The records that follow are to be transcribed exactly.
===
Lemma lift_complete s : is_maxchain RL (hin (rees_bot t n bot)) htop s ->
  exists c e, [/\ c \in chainsP, e \in ext_words & s = lift c e].
Proof.
case: s => [|a s] //= /and3P [/eqP -> ps /eqP ls].
have [c' [e [pc lc se ee]]] := lift_chain_complete ht semi hlen ps ls.
have mc : is_maxchain PL bot top (bot :: c') by rewrite /= eqxx pc /= lc eqxx.
have sc := maxchain_size hb ht semi hlen mc.
exists (bot :: c'), e; split => //.
- rewrite mem_filter mc mem_words_over sc eqxx andTb.
  by apply/allP => x _; apply: mem_enum.
- rewrite mem_words_over se; move: sc => /= [->]; rewrite eqxx /=.
  apply/allP => -[x|] _ //=; rewrite /ext_letters inE; apply/orP; right.
  by apply/mapP; exists x; rewrite ?mem_enum.
Qed.

Hypothesis n_pos : (1 <= n)%N.

Lemma count_asc_free_lifts c : c \in chainsP ->
  count (fun e => asc_free_rees (lift c e)) ext_words = weight t (labels labP c).
Proof.
move=> cC; rewrite (eq_in_count (a2 := fun e =>
  asc_free_ext top_label (labels labP c) (map isSome e))); last first.
  by move=> e eE; have [_ _ _ ->] := lift_sound cC eE.
have [[|x1 c''] [ec pc lc sc]] := chainsP_inv cC; first by move: n_pos; rewrite -sc.
rewrite ec /= /ext_words -sc /= -(size_pairmap labP x1 c'').
by apply: count_asc_free_ext; apply: last_label_le.
Qed.

(* Lifting is a bijection from pairs (chain of P, extension word) onto the
   maximal chains of (P * T_{t,n})^+, so these are counted chain by chain. *)
Lemma card_asc_free_chains : card_is
    (fun s : seq (hat (Rees P t n)) =>
       is_maxchain RL (hin (rees_bot t n bot)) htop s && asc_free_rees s)
    (\sum_(c <- chainsP) weight t (labels labP c)).
Proof.
exists [seq s <- [seq lift c e | c <- chainsP, e <- ext_words] | asc_free_rees s]; split.
- apply/filter_uniq/allpairs_uniq.
  + exact/filter_uniq/uniq_words_over/enum_uniq.
  + apply: uniq_words_over; rewrite /ext_letters cons_uniq map_inj_uniq ?enum_uniq;
      last by move=> ?? [].
    by rewrite andbT; apply/mapP => -[].
  + move=> [c1 e1] [c2 e2] /allpairsP [[c1' e1'] [h1 h2 [-> ->]]].
    move=> /allpairsP [[c2' e2'] [h3 h4 [-> ->]]] /= eq.
    have [_ m1 d1 _] := lift_sound h1 h2; have [_ m2 d2 _] := lift_sound h3 h4.
    have := m1; rewrite eq m2 => /rcons_inj [->].
    by have := d1; rewrite eq d2 => /rcons_inj [->].
- move=> s; rewrite mem_filter andbC; congr andb.
  apply/allpairsP/idP => [[[c e] /= [cC eE ->]]|ms].
    by have [] := lift_sound cC eE.
  by have [c [e [cC eE ->]]] := lift_complete ms; exists (c, e).
- by rewrite size_filter count_allpairs; apply: eq_big_seq => c /count_asc_free_lifts.
Qed.

End Main.

Section Regrouping.
Variables (d : Order.disp_t) (P : finPOrderType d) (n t : nat) (bot top : P)
  (d' : Order.disp_t) (L : porderType d') (lamP : hat P -> hat P -> L).

Lemma labels_in_alphabet x s :
  all (mem (undup (labels_of_P lamP))) (pairmap (labP lamP) x s).
Proof.
elim: s x => [|y s IH] x //=; rewrite IH andbT mem_undup.
by apply: allpairs_f; rewrite mem_enum.
Qed.

Lemma cP_count w : size w = n ->
  cP bot top lamP w = count (fun c => labels (labP lamP) c == w) (chainsP n bot top).
Proof.
move=> sw; rewrite /cP (card_tuple_count _ (fun s : seq P =>
  is_maxchain (@poset_le d P) bot top s && (labels (labP lamP) s == w))).
by rewrite sw /chainsP count_filter; apply: eq_count => c; rewrite /= andbC.
Qed.

Lemma sum_over_chains :
  (\sum_(w <- words (undup (labels_of_P lamP)) n | NDA n w && last_not_ascent w)
     cP bot top lamP w * t ^ (asc w).+1 * (1 + t) ^ (n - 1 - 2 * asc w))%N =
  (\sum_(c <- chainsP n bot top) weight t (labels (labP lamP) c))%N.
Proof.
rewrite big_mkcond words_words_over -(@sum_by_value _ _
  (words_over (undup (labels_of_P lamP)) n) _ (labels (labP lamP)) (weight t)).
- apply: eq_big_seq => w; rewrite mem_words_over => /andP [/eqP sw _].
  rewrite -cP_count // /weight /NDA sw eqxx /=.
  by case: ifP => _; rewrite ?muln0 // mulnA.
- exact/uniq_words_over/undup_uniq.
- apply/allP => c /chainsP_inv [c' [-> _ _ sc]].
  by rewrite mem_words_over /= size_pairmap sc eqxx labels_in_alphabet.
Qed.

End Regrouping.

Theorem theorem3p5
  (d : Order.disp_t) (P : finPOrderType d) (n t : nat) (bot top : P)
  (d' : Order.disp_t) (L : porderType d') (lamP : hat P -> hat P -> L) :
  (forall x : P, (bot <= x)%O) ->
  (forall x : P, (x <= top)%O) ->
  semipure P ->
  poset_length P = n ->
  (1 <= n)%N ->
  (1 <= t)%N ->
  EL_labeling (hle (@poset_le d P)) (fun a b : L => (a <= b)%O) lamP ->
  card_is
    (fun s : seq (hat (Rees P t n)) =>
       is_maxchain (hle (@reesle d P t n)) (hin (rees_bot t n bot)) htop s
       && ascent_free (@prodle d' L) (labels (induced_label lamP) s))
    (\sum_(w <- words (undup (labels_of_P lamP)) n |
              NDA n w && last_not_ascent w)
        cP bot top lamP w * t ^ (asc w).+1 * (1 + t) ^ (n - 1 - 2 * asc w))%N.
Proof.
move=> hb ht semi hlen n_pos _ EL.
rewrite sum_over_chains.
exact: card_asc_free_chains hb ht semi hlen EL n_pos.
Qed.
===
> [Result of the exercise]:
Lemma lift_complete s : is_maxchain RL (hin (rees_bot t n bot)) htop s ->
  exists c e, [/\ c \in chainsP, e \in ext_words & s = lift c e].
Proof.
case: s => [|a s] //= /and3P [/eqP -> ps /eqP ls].
have [c' [e [pc lc se ee]]] := lift_chain_complete ht semi hlen ps ls.
have mc : is_maxchain PL bot top (bot :: c') by rewrite /= eqxx pc /= lc eqxx.
have sc := maxchain_size hb ht semi hlen mc.
exists (bot :: c'), e; split => //.
- rewrite mem_filter mc mem_words_over sc eqxx andTb.
  by apply/allP => x _; apply: mem_enum.
- rewrite mem_words_over se; move: sc => /= [->]; rewrite eqxx /=.
  apply/allP => -[x|] _ //=; rewrite /ext_letters inE; apply/orP; right.
  by apply/mapP; exists x; rewrite ?mem_enum.
Qed.

Hypothesis n_pos : (1 <= n)%N.

Lemma count_asc_free_lifts c : c \in chainsP ->
  count (fun e => asc_free_rees (lift c e)) ext_words = weight t (labels labP c).
Proof.
move=> cC; rewrite (eq_in_count (a2 := fun e =>
  asc_free_ext top_label (labels labP c) (map isSome e))); last first.
  by move=> e eE; have [_ _ _ ->] := lift_sound cC eE.
have [[|x1 c''] [ec pc lc sc]] := chainsP_inv cC; first by move: n_pos; rewrite -sc.
rewrite ec /= /ext_words -sc /= -(size_pairmap labP x1 c'').
by apply: count_asc_free_ext; apply: last_label_le.
Qed.

(* Lifting is a bijection from pairs (chain of P, extension word) onto the
   maximal chains of (P * T_{t,n})^+, so these are counted chain by chain. *)
Lemma card_asc_free_chains : card_is
    (fun s : seq (hat (Rees P t n)) =>
       is_maxchain RL (hin (rees_bot t n bot)) htop s && asc_free_rees s)
    (\sum_(c <- chainsP) weight t (labels labP c)).
Proof.
exists [seq s <- [seq lift c e | c <- chainsP, e <- ext_words] | asc_free_rees s]; split.
- apply/filter_uniq/allpairs_uniq.
  + exact/filter_uniq/uniq_words_over/enum_uniq.
  + apply: uniq_words_over; rewrite /ext_letters cons_uniq map_inj_uniq ?enum_uniq;
      last by move=> ?? [].
    by rewrite andbT; apply/mapP => -[].
  + move=> [c1 e1] [c2 e2] /allpairsP [[c1' e1'] [h1 h2 [-> ->]]].
    move=> /allpairsP [[c2' e2'] [h3 h4 [-> ->]]] /= eq.
    have [_ m1 d1 _] := lift_sound h1 h2; have [_ m2 d2 _] := lift_sound h3 h4.
    have := m1; rewrite eq m2 => /rcons_inj [->].
    by have := d1; rewrite eq d2 => /rcons_inj [->].
- move=> s; rewrite mem_filter andbC; congr andb.
  apply/allpairsP/idP => [[[c e] /= [cC eE ->]]|ms].
    by have [] := lift_sound cC eE.
  by have [c [e [cC eE ->]]] := lift_complete ms; exists (c, e).
- by rewrite size_filter count_allpairs; apply: eq_big_seq => c /count_asc_free_lifts.
Qed.

End Main.

Section Regrouping.
Variables (d : Order.disp_t) (P : finPOrderType d) (n t : nat) (bot top : P)
  (d' : Order.disp_t) (L : porderType d') (lamP : hat P -> hat P -> L).

Lemma labels_in_alphabet x s :
  all (mem (undup (labels_of_P lamP))) (pairmap (labP lamP) x s).
Proof.
elim: s x => [|y s IH] x //=; rewrite IH andbT mem_undup.
by apply: allpairs_f; rewrite mem_enum.
Qed.

Lemma cP_count w : size w = n ->
  cP bot top lamP w = count (fun c => labels (labP lamP) c == w) (chainsP n bot top).
Proof.
move=> sw; rewrite /cP (card_tuple_count _ (fun s : seq P =>
  is_maxchain (@poset_le d P) bot top s && (labels (labP lamP) s == w))).
by rewrite sw /chainsP count_filter; apply: eq_count => c; rewrite /= andbC.
Qed.

Lemma sum_over_chains :
  (\sum_(w <- words (undup (labels_of_P lamP)) n | NDA n w && last_not_ascent w)
     cP bot top lamP w * t ^ (asc w).+1 * (1 + t) ^ (n - 1 - 2 * asc w))%N =
  (\sum_(c <- chainsP n bot top) weight t (labels (labP lamP) c))%N.
Proof.
rewrite big_mkcond words_words_over -(@sum_by_value _ _
  (words_over (undup (labels_of_P lamP)) n) _ (labels (labP lamP)) (weight t)).
- apply: eq_big_seq => w; rewrite mem_words_over => /andP [/eqP sw _].
  rewrite -cP_count // /weight /NDA sw eqxx /=.
  by case: ifP => _; rewrite ?muln0 // mulnA.
- exact/uniq_words_over/undup_uniq.
- apply/allP => c /chainsP_inv [c' [-> _ _ sc]].
  by rewrite mem_words_over /= size_pairmap sc eqxx labels_in_alphabet.
Qed.

End Regrouping.

Theorem theorem3p5
  (d : Order.disp_t) (P : finPOrderType d) (n t : nat) (bot top : P)
  (d' : Order.disp_t) (L : porderType d') (lamP : hat P -> hat P -> L) :
  (forall x : P, (bot <= x)%O) ->
  (forall x : P, (x <= top)%O) ->
  semipure P ->
  poset_length P = n ->
  (1 <= n)%N ->
  (1 <= t)%N ->
  EL_labeling (hle (@poset_le d P)) (fun a b : L => (a <= b)%O) lamP ->
  card_is
    (fun s : seq (hat (Rees P t n)) =>
       is_maxchain (hle (@reesle d P t n)) (hin (rees_bot t n bot)) htop s
       && ascent_free (@prodle d' L) (labels (induced_label lamP) s))
    (\sum_(w <- words (undup (labels_of_P lamP)) n |
              NDA n w && last_not_ascent w)
        cP bot top lamP w * t ^ (asc w).+1 * (1 + t) ^ (n - 1 - 2 * asc w))%N.
Proof.
move=> hb ht semi hlen n_pos _ EL.
rewrite sum_over_chains.
exact: card_asc_free_chains hb ht semi hlen EL n_pos.
Qed.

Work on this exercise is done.